1.7 Internal Compliance Investigation Policy

  • PURPOSE:

    A detailed investigation of a report of non-compliance complaints or erroneous internal procedures will preserve the integrity of the Compliance Program and will assist in for the implementation of disciplinary actions.

    POLICY:

    LHCC is committed to full compliance with applicable state, federal and local laws. The Compliance Officer shall have the responsibility and authority to conduct and oversee independent compliance investigation to detect possible violations of the law, with legal guidance from our outside counsel as appropriate. The extent of the investigation will vary depending upon the matter investigated. The Compliance Officer will investigate every report of non-compliance to determine whether a violation of the Compliance Program or other state or federal healthcare law, statute or regulation has occurred.
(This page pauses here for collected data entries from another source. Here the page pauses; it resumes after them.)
(* Let $(\xi_j)_{j=1}^\infty$ be an i.i.d. sequence of strictly positive random variables, let $\xi$ have the common distribution, and let \[ Y = 1 + \xi_1 + \xi_1\xi_2 + \xi_1\xi_2\xi_3 + \cdots = \sum_{k=0}^{\infty} \prod_{j=1}^{k} \xi_j \] (empty product equal to $1$). For real $q$ write $\mu_q = \mathbb{E}(\xi^q)$. Then for every real $p \ge 1$: $\mathbb{E}(Y^p) < \infty$ if and only if $\mu_p < 1$. Moreover, if $\mu_p<1$, then $\mu_q < 1$ for every real $1 \le q \le p$ and \[ \mathbb{E}(Y^p) \le \bigl(1 - \mu_p^{1/p}\bigr)^{-p}; \] and if in addition $p \ge 1$ is an integer, then \[ \mathbb{E}(Y^p) = \frac{1}{1-\mu_p} \sum_{k=0}^{p-1} \binom{p}{k} \mu_k \, \mathbb{E}(Y^k). \] *)

From HB Require Import structures.
From mathcomp Require Import all_boot all_order all_algebra.
From mathcomp Require Import all_classical all_reals all_analysis.
Set Implicit Arguments. Unset Strict Implicit. Unset Printing Implicit Defensive.
Import Order.TTheory GRing.Theory Num.Theory.
Local Open Scope classical_set_scope.
Local Open Scope ring_scope.

(* (xi_j)_j (indexed from 0: xi 0 plays the role of xi_1) is an i.i.d.
   sequence of real random variables on the probability space P. *)
Definition iid_seq {d} {T : measurableType d} {R : realType}
    (P : probability T R) (xi : nat -> T -> R) : Prop :=
  (forall j, measurable_fun setT (xi j)) /\
  (forall j (B : set R), measurable B ->
     P (xi j @^-1` B) = P (xi 0%N @^-1` B)) /\
  (forall (J : seq nat) (B : nat -> set R), uniq J ->
     (forall j, measurable (B j)) ->
     P (\bigcap_(j in [set j | j \in J]) (xi j @^-1` B j)) =
     (\prod_(j <- J) P (xi j @^-1` B j))%E).

Definition mom {d} {T : measurableType d} {R : realType}
    (P : probability T R) (xi : nat -> T -> R) (q : R) : \bar R :=
  (\int[P]_x ((xi 0%N x) `^ q)%:E)%E.

Definition Yperp {R : realType} {T : Type} (xi : nat -> T -> R) (x : T) : \bar R :=
  (\sum_(0 <= k <oo) (\prod_(j < k) xi j x)%:E)%E.

Definition EYp {d} {T : measurableType d} {R : realType}
    (P : probability T R) (xi : nat -> T -> R) (p : R) : \bar R :=
  (\int[P]_x (Yperp xi x `^ p))%E.

(* Write X_k = xi_1 ... xi_k for the terms of Y and Y_N for its partial sums.
   Independence gives E(X_k^p) = mu_p^k; this product rule is obtained from the one
   for indicators, which is the definition of independence, by approximating one
   coordinate at a time with simple functions and passing to the limit by monotone
   convergence.  If E(Y^p) < oo then, t |-> t^p being superadditive for p >= 1,
   sum_k mu_p^k <= E(Y^p), which forces mu_p < 1.  Conversely Minkowski's inequality
   gives ||Y_N||_p <= sum_k mu_p^(k/p) <= (1 - mu_p^(1/p))^-1, and monotone
   convergence passes to Y.  For q <= p, Young's inequality gives pointwise
   xi^q <= 1 - q/p + (q/p) xi^p, hence mu_q < 1.  For p = n an integer, write
   Y_(N+1) = 1 + xi_1 Y'_N with Y'_N built from the shifted sequence; expanding with
   the binomial and multinomial theorems, E(xi_1^k Y'_N^k) and mu_k E(Y_N^k) are the
   same sum of products of moments, so E(Y_(N+1)^n) = sum_(k<=n) C(n,k) mu_k E(Y_N^k).
   Letting N -> oo and solving for E(Y^n) gives the recursion. *)

From HB Require Import structures.
From mathcomp Require Import all_boot all_order all_algebra.
From mathcomp Require Import all_classical all_reals all_analysis.
From mathcomp Require Import measurable_realfun.
From mathcomp Require Import ring lra.
Import Order.TTheory GRing.Theory Num.Theory.
Set Implicit Arguments. Unset Strict Implicit. Unset Printing Implicit Defensive.
Local Open Scope classical_set_scope.
Local Open Scope ring_scope.

(** * Real inequalities and limits *)

Lemma powR_prod (R : realType) (I : Type) (s : seq I) (F : I -> R) (r : R) :
  (forall i, 0 <= F i) -> (\prod_(i <- s) F i) `^ r = \prod_(i <- s) F i `^ r.
Proof.
move=> F0; elim: s => [|i s IH]; first by rewrite !big_nil powR1.
by rewrite !big_cons powRM ?IH //; exact: prodr_ge0.
Qed.

Lemma powRD_ge (R : realType) (a b r : R) : 1 <= r -> 0 <= a -> 0 <= b ->
  a `^ r + b `^ r <= (a + b) `^ r.
Proof.
move=> r1 a0 b0; have r0 : 0 < r by apply: lt_le_trans r1.
have ab0 : 0 <= a + b by rewrite addr_ge0.
rewrite -(mulr_powRB1 a0 r0) -(mulr_powRB1 b0 r0) -(mulr_powRB1 ab0 r0) mulrDl.
by apply: lerD; apply: ler_wpM2l => //; apply: ge0_ler_powR;
  rewrite ?nnegrE ?subr_ge0 ?lerDl ?lerDr.
Qed.

Lemma sum_powR_le (R : realType) (N : nat) (F : nat -> R) (r : R) :
  1 <= r -> (forall k, 0 <= F k) ->
  \sum_(k < N) F k `^ r <= (\sum_(k < N) F k) `^ r.
Proof.
move=> r1 F0; elim: N => [|N IH].
  by rewrite !big_ord0 powR0 // gt_eqF // (lt_le_trans ltr01 r1).
rewrite !big_ord_recr /=; apply: le_trans (powRD_ge r1 _ _) => //.
  by rewrite lerD2r.
exact: sumr_ge0.
Qed.

(* Young's inequality with exponents [1/t] and [1/(1 - t)], applied to [y^t] and [1]. *)
Lemma powR_le_affine (R : realType) (y t : R) : 0 <= y -> 0 < t < 1 ->
  y `^ t <= (1 - t) + t * y.
Proof.
move=> y0 /andP[t0 t1].
have := @conjugate_powR _ (y `^ t) 1 t^-1 (1 - t)^-1 (powR_ge0 _ _) ler01.
rewrite !invrK invr_gt0 t0 invr_gt0 subr_gt0 t1 subrKC mulr1 -powRrM.
rewrite mulfV ?gt_eqF // powRr1 // powR1 => /(_ isT isT erefl).
by rewrite mul1r addrC mulrC.
Qed.

Lemma sum_expr_le_geometric (R : realFieldType) (a : R) N : 0 <= a -> a < 1 ->
  \sum_(k < N) a ^+ k <= (1 - a)^-1.
Proof.
move=> a0 a1; have a1' : 0 < 1 - a by rewrite subr_gt0.
have sumE : (1 - a) * \sum_(k < N) a ^+ k = 1 - a ^+ N.
  elim: N => [|N IH]; first by rewrite big_ord0 mulr0 expr0 subrr.
  by rewrite big_ord_recr /= mulrDr IH exprSr; ring.
rewrite -[leLHS](mulKf (lt0r_neq0 a1')) sumE -[leRHS]mulr1.
by apply: ler_wpM2l; [rewrite invr_ge0 ltW | rewrite gerBl exprn_ge0].
Qed.

Lemma poweR_le (R : realType) (x y : \bar R) (r : R) :
  (0 <= r)%R -> (0 <= x)%E -> (x <= y)%E -> (x `^ r <= y `^ r)%E.
Proof.
move=> r0 x0 xy; apply: gt0_ler_poweR => //; rewrite in_itv /= leey andbT //.
exact: le_trans xy.
Qed.

Lemma poweR_ereal_sup (R : realType) (u : nat -> R) (r : R) :
  (0 < r)%R -> (forall N, 0 <= u N)%R ->
  (ereal_sup (range (EFin \o u)) `^ r = ereal_sup (range (fun N => (u N `^ r)%:E)))%E.
Proof.
move=> r0 u0; set s := ereal_sup _; set t := ereal_sup _.
have s_ge0 : (0 <= s)%E.
  by apply: le_trans (ereal_sup_ubound (ex_intro2 _ _ 0%N I erefl)); rewrite lee_fin.
have t_ge0 : (0 <= t)%E.
  by apply: le_trans (ereal_sup_ubound (ex_intro2 _ _ 0%N I erefl)); rewrite lee_fin powR_ge0.
apply/eqP; rewrite eq_le; apply/andP; split.
- have s_le : (s <= t `^ r^-1)%E.
    apply: ge_ereal_sup => _ [N _ <-] /=.
    rewrite -[X in (X%:E <= _)%E](@powRr1 _ (u N)) // -(mulfV (lt0r_neq0 r0)).
    rewrite powRrM -poweR_EFin poweR_le ?invr_ge0 ?(ltW r0) ?lee_fin ?powR_ge0 //.
    by apply: ereal_sup_ubound; exists N.
  rewrite -[leRHS](poweRe1 t_ge0) -(mulVf (lt0r_neq0 r0)) poweRrM.
  exact: poweR_le (ltW r0) s_ge0 s_le.
- apply: ge_ereal_sup => _ [N _ <-]; rewrite -poweR_EFin.
  by apply: poweR_le; rewrite ?(ltW r0) ?lee_fin //; apply: ereal_sup_ubound; exists N.
Qed.

Lemma cvge_sum_ge0 (R : realType) (I : Type) (s : seq I) (u : I -> nat -> \bar R)
    (l : I -> \bar R) :
  (forall i N, (0 <= u i N)%E) -> (forall i, (0 <= l i)%E) ->
  (forall i, u i N @[N --> \oo] --> l i) ->
  (\sum_(i <- s) u i N)%E @[N --> \oo] --> (\sum_(i <- s) l i)%E.
Proof.
move=> u0 l0 ul; elim: s => [|i s IH].
  by rewrite big_nil; under eq_fun do rewrite big_nil; exact: cvg_cst.
rewrite big_cons; under eq_fun do rewrite big_cons.
by apply: cvgeD => //; apply: ge0_adde_def; rewrite inE // sume_ge0.
Qed.

Section monotone_comp.
Context (R : realType) (d : measure_display) (T : measurableType d)
  (mu : measure T R).
Local Open Scope ereal_scope.

Lemma cvg_integral_comp_mul (phi : nat -> R -> R) (g : R -> R) (X h : T -> R) :
  (forall m, measurable_fun setT (phi m)) -> (forall m y, (0 <= phi m y)%R) ->
  (forall y, {homo phi^~ y : m n / (m <= n)%N >-> (m <= n)%R}) ->
  (forall y, (phi m y)%:E @[m --> \oo] --> (g y)%:E) ->
  measurable_fun setT X -> measurable_fun setT h -> (forall x, (0 <= h x)%R) ->
  \int[mu]_x (phi m (X x) * h x)%:E @[m --> \oo] --> \int[mu]_x (g (X x) * h x)%:E.
Proof.
move=> mphi phi0 phi_nd phi_cvg mX mh h0.
have mphiXh m : measurable_fun setT (fun x => (phi m (X x) * h x)%:E).
  by apply/measurable_EFinP; apply: measurable_funM => //; exact: measurableT_comp.
have := @cvg_monotone_convergence _ _ _ mu setT measurableT _ mphiXh.
have -> : (fun x => limn ((fun m x => (phi m (X x) * h x)%:E)^~ x)) =
          (fun x => (g (X x) * h x)%:E).
  apply: funext => x; apply: cvg_lim => //.
  under eq_fun do rewrite EFinM.
  by rewrite EFinM; apply: cvgeZr.
apply.
- by move=> m x _; rewrite lee_fin mulr_ge0.
- by move=> x _ m n mn; rewrite lee_fin ler_wpM2r ?phi_nd.
Qed.

End monotone_comp.

(** * Expectations of products of independent variables *)

Section iid.
Context (R : realType) (d : measure_display) (T : measurableType d)
  (P : probability T R) (xi : nat -> T -> R).
Local Open Scope ereal_scope.

Lemma prod_indic_xi (J : seq nat) (B : nat -> set R) x :
  (\prod_(j <- J) \1_(B j) (xi j x) : R)%R =
  \1_(\bigcap_(j in [set j | j \in J]) (xi j @^-1` B j)) x.
Proof.
rewrite [RHS]indicE; case: (boolP (x \in _)) => [/set_mem Bx|Bx].
- by rewrite big_seq big1 // => j jJ; rewrite indicE mem_set //; exact: Bx.
- apply/eqP; rewrite prodf_seq_eq0; apply/negPn/negP => /hasPn notB0.
  apply: (negP Bx); apply/mem_set => j /= jJ.
  by have := notB0 j jJ; rewrite /= indicE; case: (boolP (_ \in _)) => [/set_mem|]; rewrite ?eqxx.
Qed.

Hypothesis hiid : iid_seq P xi.

Lemma measurable_xi j : measurable_fun setT (xi j).
Proof. exact: hiid.1. Qed.

Lemma measurable_xi_preimage j (B : set R) : measurable B -> measurable (xi j @^-1` B).
Proof. by move=> mB; rewrite -[X in measurable X]setTI; exact: measurable_xi. Qed.

Lemma integral_indic_xi j (A : set R) : measurable A ->
  \int[P]_x (\1_A (xi j x))%:E = P (xi j @^-1` A).
Proof.
move=> mA; under eq_integral do rewrite -[\1_A _]/(\1_(xi j @^-1` A) _).
by rewrite integral_indic ?setIT //; exact: measurable_xi_preimage.
Qed.

Lemma iid_integral_prod_indic (J : seq nat) (B : nat -> set R) :
  uniq J -> (forall j, measurable (B j)) ->
  \int[P]_x (\prod_(j <- J) \1_(B j) (xi j x))%:E =
  \prod_(j <- J) \int[P]_x (\1_(B j) (xi 0 x))%:E.
Proof.
move=> uJ mB; under eq_integral do rewrite prod_indic_xi.
rewrite integral_indic ?setIT //; last first.
  by apply: bigcap_measurableType => j _; exact: measurable_xi_preimage.
transitivity (\prod_(j <- J) P (xi j @^-1` B j)); first exact: hiid.2.2.
apply: eq_bigr => j _.
by rewrite integral_indic_xi // hiid.2.1.
Qed.

End iid.

Section factorization.
Context (R : realType) (d : measure_display) (T : measurableType d)
  (P : probability T R) (xi : nat -> T -> R) (hiid : iid_seq P xi).
Local Open Scope ereal_scope.

Definition integrable_ge0_family (f : nat -> R -> R) :=
  [/\ forall j, measurable_fun setT (f j), forall j y, (0 <= f j y)%R &
      forall j, \int[P]_x (f j (xi 0 x))%:E < +oo].

Definition factorizes (J : seq nat) (f : nat -> R -> R) :=
  \int[P]_x (\prod_(j <- J) f j (xi j x))%:E =
  \prod_(j <- J) \int[P]_x (f j (xi 0 x))%:E.

Section one_factor.
Variables (J : seq nat) (f : nat -> R -> R) (a : nat).
Hypotheses (uJ : uniq J) (aJ : a \in J) (hf : integrable_ge0_family f).

Let mxi := measurable_xi hiid.
Let f_ge0 j y : (0 <= f j y)%R. Proof. by case: hf. Qed.
Let measurable_f j : measurable_fun setT (f j). Proof. by case: hf. Qed.

Let others x := (\prod_(j <- J | j != a) f j (xi j x))%R.
Let others_mean := \prod_(j <- J | j != a) \int[P]_x (f j (xi 0 x))%:E.

Let splits (g : R -> R) :=
  \int[P]_x (g (xi a x) * others x)%:E = \int[P]_x (g (xi 0 x))%:E * others_mean.

Let others_ge0 x : (0 <= others x)%R. Proof. exact: prodr_ge0. Qed.

Let measurable_others : measurable_fun setT others.
Proof.
rewrite /others; under eq_fun do rewrite -big_filter.
by apply: measurable_prod => j _; exact: measurableT_comp.
Qed.

Let others_mean_fin_num : others_mean \is a fin_num.
Proof.
apply: (big_ind (fun x => x \is a fin_num)) => //; first exact: fin_numM.
move=> j _; rewrite ge0_fin_numE; first by case: hf.
by apply: integral_ge0 => x _; rewrite lee_fin.
Qed.

Let factorizes_updE g : factorizes J [eta f with a |-> g] <-> splits g.
Proof.
have others_upd x :
    (\prod_(j <- J | j != a) [eta f with a |-> g] j (xi j x) = others x)%R.
  by apply: eq_bigr => j /negbTE /= ->.
have others_mean_upd : \prod_(j <- J | j != a)
    \int[P]_x ([eta f with a |-> g] j (xi 0 x))%:E = others_mean.
  by apply: eq_bigr => j /negbTE /= ->.
rewrite /factorizes /splits (bigD1_seq a) //= eqxx others_mean_upd.
by under eq_integral do rewrite (bigD1_seq a) //= eqxx others_upd.
Qed.

Let measurable_comp_xi j (g : R -> R) :
  measurable_fun setT g -> measurable_fun setT (fun x => g (xi j x)).
Proof. by move=> mg; exact: measurableT_comp. Qed.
Investigations may include interviewing employees and/or reviewing documentation. Each employee must cooperate with such investigations.

    PROCEDURE:

    1. The Compliance Officer shall commence and/or oversee investigations on all compliance-related matters within seven (7) days following receipt of the report indicating a matter warranting investigation.
    2. The Compliance Officer may delegate the investigation responsibilities but will retain ultimate supervision and responsibility for all compliance investigations.
    3. The investigation may include, but is not limited to:
      1. reviewing and preserving documents related to the matter;
      2. interviewing appropriate individuals;
      3. reviewing policies and procedures applicable to the matter;
      4. collaborating with an internal LHCC facility authority, as needed; and
      5. engaging outside legal counsel to assist in the investigation, as needed.
    4. If a significant compliance violation is found, the Compliance Officer and/or an internal LHCC facility authority, shall develop and implement a corrective action plan.
    5. All investigation methods and findings pursuant to the investigation must be documented. Copies of supporting documentation should be attached to all reports.
      1. If the investigation findings do not substantiate the allegation or matter, the investigation will be closed by the Compliance Officer. Documentation regarding the investigation will be filed and maintained by the Compliance Officer for a minimum of seven (7) years after the investigation has closed.
      2. If a compliance violation is found, all documentation related to the investigation will be maintained as an “open” investigation until a corrective action plan has been completed and the matter has been resolved, at which time the investigation file will be filed and maintained for a minimum of seven (7) years after the investigation has been closed.
    6. For investigations implicating the CEO, President or Director of Operations, the Compliance Officer shall notify the CEO and will conduct and coordinate the investigation. For investigations implicating the Compliance Officer, the Director of Operations will conduct and coordinate the investigation.